- TASK STATEMENT:
Copy the data exactly. No line may be skipped.

- DATA SUPPLIED:
(* Consider the system $S'=1-IS-S$, $I'=IS-I$ on $\mathbb R^2$. For $c\in[0,1)$ let $\Gamma_c=\{(S,I)\in\mathbb R^2: S\ge0,\ I\ge0,\ S+I\le1-c\}$. Then for every $c\in(0,1)$ the system has the conditional Lipschitz shadowing property in $\Gamma_c$, but it does not have the conditional Lipschitz shadowing property in $\Gamma_0$.
   Context: For continuous $g\colon[0,\infty)\times\mathbb R^n\to\mathbb R^n$ and $\tau\in(0,\infty]$, a pseudosolution of $x'=g(t,x)$ on $[0,\tau)$ is a $C^1$ map $y\colon[0,\tau)\to\mathbb R^n$ with $\sigma_y:=\sup_{0\le t<\tau}|y'(t)-g(t,y(t))|<\infty$ (for a fixed norm $|\cdot|$ on $\mathbb R^n$; the property below does not depend on the norm). The equation has the conditional Lipschitz shadowing property in $H\neq\emptyset$ if there exist $\varepsilon_0,\kappa>0$ such that whenever $0<\varepsilon\le\varepsilon_0$ and $y$ is a pseudosolution on $[0,\tau)$ ($\tau\in(0,\infty]$) with $\sigma_y\le\varepsilon$ and $y(t)\in H$ for all $t\in[0,\tau)$, there is a solution $x$ of the equation defined on $[0,\tau)$ with $\sup_{0\le t<\tau}|x(t)-y(t)|\le\kappa\varepsilon$. *)

From Stdlib Require Import Reals Lra.
Open Scope R_scope.

(* Time horizon tau in (0, +oo]: [Some T] is a finite T, [None] is +oo. *)
Definition horizon_pos (tau : option R) : Prop :=
  match tau with Some T => 0 < T | None => True end.

Definition in_dom (tau : option R) (t : R) : Prop :=
  0 <= t /\ match tau with Some T => t < T | None => True end.

(* f has derivative f' at every point of D, relative to D
   (one-sided at the endpoint 0 of [0,tau)). *)
Definition has_deriv_on (D : R -> Prop) (f f' : R -> R) : Prop :=
  forall t, D t -> forall eps, 0 < eps -> exists delta, 0 < delta /\
    forall s, D s -> Rabs (s - t) < delta ->
      Rabs (f s - f t - f' t * (s - t)) <= eps * Rabs (s - t).

Definition cont_on (D : R -> Prop) (f : R -> R) : Prop :=
  forall t, D t -> forall eps, 0 < eps -> exists delta, 0 < delta /\
    forall s, D s -> Rabs (s - t) < delta -> Rabs (f s - f t) < eps.

(* A fixed norm on R^2 (max norm); the shadowing property is norm-independent. *)
Definition norm2 (v : R * R) : R := Rmax (Rabs (fst v)) (Rabs (snd v)).
Definition sub2 (u v : R * R) : R * R := (fst u - fst v, snd u - snd v).

Definition C1_with_deriv (tau : option R) (y y' : R -> R * R) : Prop :=
  has_deriv_on (in_dom tau) (fun t => fst (y t)) (fun t => fst (y' t)) /\
  has_deriv_on (in_dom tau) (fun t => snd (y t)) (fun t => snd (y' t)) /\
  cont_on (in_dom tau) (fun t => fst (y' t)) /\
  cont_on (in_dom tau) (fun t => snd (y' t)).

Definition pseudosolution_le (g : R -> R * R -> R * R) (tau : option R)
    (y : R -> R * R) (eps : R) : Prop :=
  exists y' : R -> R * R, C1_with_deriv tau y y' /\
    forall t, in_dom tau t -> norm2 (sub2 (y' t) (g t (y t))) <= eps.

Definition is_solution (g : R -> R * R -> R * R) (tau : option R)
    (x : R -> R * R) : Prop :=
  has_deriv_on (in_dom tau) (fun t => fst (x t)) (fun t => fst (g t (x t))) /\
  has_deriv_on (in_dom tau) (fun t => snd (x t)) (fun t => snd (g t (x t))).

Definition cond_lip_shadowing (g : R -> R * R -> R * R) (H : R * R -> Prop) : Prop :=
  exists eps0 kappa, 0 < eps0 /\ 0 < kappa /\
    forall eps, 0 < eps -> eps <= eps0 ->
    forall (tau : option R) (y : R -> R * R),
      horizon_pos tau ->
      pseudosolution_le g tau y eps ->
      (forall t, in_dom tau t -> H (y t)) ->
      exists x : R -> R * R, is_solution g tau x /\
        forall t, in_dom tau t -> norm2 (sub2 (x t) (y t)) <= kappa * eps.

Definition sir_field (t : R) (p : R * R) : R * R :=
  let S := fst p in let I := snd p in (1 - I * S - S, I * S - I).

Definition Gamma (c : R) (p : R * R) : Prop :=
  0 <= fst p /\ 0 <= snd p /\ fst p + snd p <= 1 - c.

From Stdlib Require Import Reals Lra.
From Coquelicot Require Import Coquelicot.
Open Scope R_scope.

(* The total mass N = S + I obeys the linear equation N' = 1 - N,
   and then I obeys the Bernoulli equation I' = I (N - 1 - I); both are solved in
   closed form (mass_sol, infected_sol).  Given a pseudosolution y in Gamma_c, we
   shadow it by the exact solution with the same initial value.  The errors in N
   and in I satisfy linear differential inequalities d' = k d + O(eps) with a
   contracting coefficient k <= -1 for N and k <= -c for I (this is where c > 0
   is used), so a barrier argument keeps them below 3 eps and 5 eps / c.

   The constant map (1 - r, r) lies in Gamma_0 and is a
   pseudosolution with residual r^2.  Any solution staying within r/8 of it has
   I' <= -r^2/2, so I drops by r/2 on [0, 1/r]: impossible.  Taking r small
   compared to 1/kappa contradicts the bound kappa r^2. *)

Lemma in_dom_0 tau : horizon_pos tau -> in_dom tau 0.
Proof. destruct tau; simpl; intros; split; lra. Qed.

Lemma in_dom_le tau t s : in_dom tau t -> 0 <= s <= t -> in_dom tau s.
Proof. destruct tau; simpl; intros [? ?] ?; split; lra. Qed.

Lemma norm2_le v e : norm2 v <= e <-> Rabs (fst v) <= e /\ Rabs (snd v) <= e.
Proof.
unfold norm2; split.
- intros H; split; eapply Rle_trans; [apply Rmax_l | exact H | apply Rmax_r | exact H].
- intros [H1 H2]; apply Rmax_lub; assumption.
Qed.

- RESULT BELOW:
(* Consider the system $S'=1-IS-S$, $I'=IS-I$ on $\mathbb R^2$. For $c\in[0,1)$ let $\Gamma_c=\{(S,I)\in\mathbb R^2: S\ge0,\ I\ge0,\ S+I\le1-c\}$. Then for every $c\in(0,1)$ the system has the conditional Lipschitz shadowing property in $\Gamma_c$, but it does not have the conditional Lipschitz shadowing property in $\Gamma_0$.
   Context: For continuous $g\colon[0,\infty)\times\mathbb R^n\to\mathbb R^n$ and $\tau\in(0,\infty]$, a pseudosolution of $x'=g(t,x)$ on $[0,\tau)$ is a $C^1$ map $y\colon[0,\tau)\to\mathbb R^n$ with $\sigma_y:=\sup_{0\le t<\tau}|y'(t)-g(t,y(t))|<\infty$ (for a fixed norm $|\cdot|$ on $\mathbb R^n$; the property below does not depend on the norm). The equation has the conditional Lipschitz shadowing property in $H\neq\emptyset$ if there exist $\varepsilon_0,\kappa>0$ such that whenever $0<\varepsilon\le\varepsilon_0$ and $y$ is a pseudosolution on $[0,\tau)$ ($\tau\in(0,\infty]$) with $\sigma_y\le\varepsilon$ and $y(t)\in H$ for all $t\in[0,\tau)$, there is a solution $x$ of the equation defined on $[0,\tau)$ with $\sup_{0\le t<\tau}|x(t)-y(t)|\le\kappa\varepsilon$. *)

From Stdlib Require Import Reals Lra.
Open Scope R_scope.

(* Time horizon tau in (0, +oo]: [Some T] is a finite T, [None] is +oo. *)
Definition horizon_pos (tau : option R) : Prop :=
  match tau with Some T => 0 < T | None => True end.

Definition in_dom (tau : option R) (t : R) : Prop :=
  0 <= t /\ match tau with Some T => t < T | None => True end.

(* f has derivative f' at every point of D, relative to D
   (one-sided at the endpoint 0 of [0,tau)). *)
Definition has_deriv_on (D : R -> Prop) (f f' : R -> R) : Prop :=
  forall t, D t -> forall eps, 0 < eps -> exists delta, 0 < delta /\
    forall s, D s -> Rabs (s - t) < delta ->
      Rabs (f s - f t - f' t * (s - t)) <= eps * Rabs (s - t).

Definition cont_on (D : R -> Prop) (f : R -> R) : Prop :=
  forall t, D t -> forall eps, 0 < eps -> exists delta, 0 < delta /\
    forall s, D s -> Rabs (s - t) < delta -> Rabs (f s - f t) < eps.

(* A fixed norm on R^2 (max norm); the shadowing property is norm-independent. *)
Definition norm2 (v : R * R) : R := Rmax (Rabs (fst v)) (Rabs (snd v)).
Definition sub2 (u v : R * R) : R * R := (fst u - fst v, snd u - snd v).

Definition C1_with_deriv (tau : option R) (y y' : R -> R * R) : Prop :=
  has_deriv_on (in_dom tau) (fun t => fst (y t)) (fun t => fst (y' t)) /\
  has_deriv_on (in_dom tau) (fun t => snd (y t)) (fun t => snd (y' t)) /\
  cont_on (in_dom tau) (fun t => fst (y' t)) /\
  cont_on (in_dom tau) (fun t => snd (y' t)).

Definition pseudosolution_le (g : R -> R * R -> R * R) (tau : option R)
    (y : R -> R * R) (eps : R) : Prop :=
  exists y' : R -> R * R, C1_with_deriv tau y y' /\
    forall t, in_dom tau t -> norm2 (sub2 (y' t) (g t (y t))) <= eps.

Definition is_solution (g : R -> R * R -> R * R) (tau : option R)
    (x : R -> R * R) : Prop :=
  has_deriv_on (in_dom tau) (fun t => fst (x t)) (fun t => fst (g t (x t))) /\
  has_deriv_on (in_dom tau) (fun t => snd (x t)) (fun t => snd (g t (x t))).

Definition cond_lip_shadowing (g : R -> R * R -> R * R) (H : R * R -> Prop) : Prop :=
  exists eps0 kappa, 0 < eps0 /\ 0 < kappa /\
    forall eps, 0 < eps -> eps <= eps0 ->
    forall (tau : option R) (y : R -> R * R),
      horizon_pos tau ->
      pseudosolution_le g tau y eps ->
      (forall t, in_dom tau t -> H (y t)) ->
      exists x : R -> R * R, is_solution g tau x /\
        forall t, in_dom tau t -> norm2 (sub2 (x t) (y t)) <= kappa * eps.

Definition sir_field (t : R) (p : R * R) : R * R :=
  let S := fst p in let I := snd p in (1 - I * S - S, I * S - I).

Definition Gamma (c : R) (p : R * R) : Prop :=
  0 <= fst p /\ 0 <= snd p /\ fst p + snd p <= 1 - c.

From Stdlib Require Import Reals Lra.
From Coquelicot Require Import Coquelicot.
Open Scope R_scope.

(* The total mass N = S + I obeys the linear equation N' = 1 - N,
   and then I obeys the Bernoulli equation I' = I (N - 1 - I); both are solved in
   closed form (mass_sol, infected_sol).  Given a pseudosolution y in Gamma_c, we
   shadow it by the exact solution with the same initial value.  The errors in N
   and in I satisfy linear differential inequalities d' = k d + O(eps) with a
   contracting coefficient k <= -1 for N and k <= -c for I (this is where c > 0
   is used), so a barrier argument keeps them below 3 eps and 5 eps / c.

   The constant map (1 - r, r) lies in Gamma_0 and is a
   pseudosolution with residual r^2.  Any solution staying within r/8 of it has
   I' <= -r^2/2, so I drops by r/2 on [0, 1/r]: impossible.  Taking r small
   compared to 1/kappa contradicts the bound kappa r^2. *)

Lemma in_dom_0 tau : horizon_pos tau -> in_dom tau 0.
Proof. destruct tau; simpl; intros; split; lra. Qed.

Lemma in_dom_le tau t s : in_dom tau t -> 0 <= s <= t -> in_dom tau s.
Proof. destruct tau; simpl; intros [? ?] ?; split; lra. Qed.

Lemma norm2_le v e : norm2 v <= e <-> Rabs (fst v) <= e /\ Rabs (snd v) <= e.
Proof.
unfold norm2; split.
- intros H; split; eapply Rle_trans; [apply Rmax_l | exact H | apply Rmax_r | exact H].
- intros [H1 H2]; apply Rmax_lub; assumption.
Qed.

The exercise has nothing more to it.